TASK MATERIAL:
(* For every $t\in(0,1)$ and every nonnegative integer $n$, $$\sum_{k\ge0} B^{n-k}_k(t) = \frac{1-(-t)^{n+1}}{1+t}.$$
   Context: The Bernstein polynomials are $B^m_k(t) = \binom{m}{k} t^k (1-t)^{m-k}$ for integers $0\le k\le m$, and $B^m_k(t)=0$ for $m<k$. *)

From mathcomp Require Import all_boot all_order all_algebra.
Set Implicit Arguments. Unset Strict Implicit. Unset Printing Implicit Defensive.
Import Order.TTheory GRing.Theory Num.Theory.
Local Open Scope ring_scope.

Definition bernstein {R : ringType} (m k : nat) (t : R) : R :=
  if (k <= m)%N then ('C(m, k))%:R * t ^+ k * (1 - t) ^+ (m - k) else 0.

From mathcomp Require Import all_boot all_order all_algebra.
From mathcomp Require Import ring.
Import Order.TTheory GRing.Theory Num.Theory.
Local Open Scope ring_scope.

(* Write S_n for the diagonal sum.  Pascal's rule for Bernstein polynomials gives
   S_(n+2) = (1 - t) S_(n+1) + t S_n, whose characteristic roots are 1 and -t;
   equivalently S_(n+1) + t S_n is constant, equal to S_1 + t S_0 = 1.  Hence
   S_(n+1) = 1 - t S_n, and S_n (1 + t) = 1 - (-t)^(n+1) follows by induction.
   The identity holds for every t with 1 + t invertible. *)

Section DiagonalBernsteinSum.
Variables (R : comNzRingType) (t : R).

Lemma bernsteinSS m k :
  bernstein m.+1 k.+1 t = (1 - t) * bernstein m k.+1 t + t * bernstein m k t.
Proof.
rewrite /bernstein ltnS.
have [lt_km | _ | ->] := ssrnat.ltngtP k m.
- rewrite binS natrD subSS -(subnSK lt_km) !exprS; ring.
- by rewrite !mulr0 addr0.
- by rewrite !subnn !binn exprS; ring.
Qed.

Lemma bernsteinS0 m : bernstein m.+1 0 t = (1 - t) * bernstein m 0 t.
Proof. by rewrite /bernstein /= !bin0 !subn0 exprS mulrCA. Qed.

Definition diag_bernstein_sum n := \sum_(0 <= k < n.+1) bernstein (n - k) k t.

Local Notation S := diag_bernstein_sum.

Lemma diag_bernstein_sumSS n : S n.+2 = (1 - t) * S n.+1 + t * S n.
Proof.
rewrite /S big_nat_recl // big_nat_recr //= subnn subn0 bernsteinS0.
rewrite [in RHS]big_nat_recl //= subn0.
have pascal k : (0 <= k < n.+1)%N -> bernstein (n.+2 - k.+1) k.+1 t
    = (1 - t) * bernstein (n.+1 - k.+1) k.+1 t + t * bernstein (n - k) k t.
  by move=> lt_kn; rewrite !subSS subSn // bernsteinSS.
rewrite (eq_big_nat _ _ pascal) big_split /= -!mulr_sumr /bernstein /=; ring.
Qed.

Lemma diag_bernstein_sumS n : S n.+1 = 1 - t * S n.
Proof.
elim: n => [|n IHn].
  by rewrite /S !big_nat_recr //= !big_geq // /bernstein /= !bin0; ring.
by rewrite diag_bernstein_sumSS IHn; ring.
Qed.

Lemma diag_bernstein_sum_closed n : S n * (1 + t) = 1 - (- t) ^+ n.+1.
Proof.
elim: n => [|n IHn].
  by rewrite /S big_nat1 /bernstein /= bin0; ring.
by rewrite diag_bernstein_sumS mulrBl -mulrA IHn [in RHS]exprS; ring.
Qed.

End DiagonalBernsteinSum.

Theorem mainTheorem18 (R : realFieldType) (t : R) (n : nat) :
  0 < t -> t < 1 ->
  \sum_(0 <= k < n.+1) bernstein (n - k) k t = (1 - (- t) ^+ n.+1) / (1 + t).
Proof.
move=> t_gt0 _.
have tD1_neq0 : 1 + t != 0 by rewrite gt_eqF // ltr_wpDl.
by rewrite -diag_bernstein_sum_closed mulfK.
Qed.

THE PROBLEM: Repeat nothing before the line containing "t) ^+ n.+1) / (1 + t)."; repeat that line and every later line of the listing exactly.

OUTPUT OF THE EXERCISE:
  \sum_(0 <= k < n.+1) bernstein (n - k) k t = (1 - (- t) ^+ n.+1) / (1 + t).
Proof.
move=> t_gt0 _.
have tD1_neq0 : 1 + t != 0 by rewrite gt_eqF // ltr_wpDl.
by rewrite -diag_bernstein_sum_closed mulfK.
Qed.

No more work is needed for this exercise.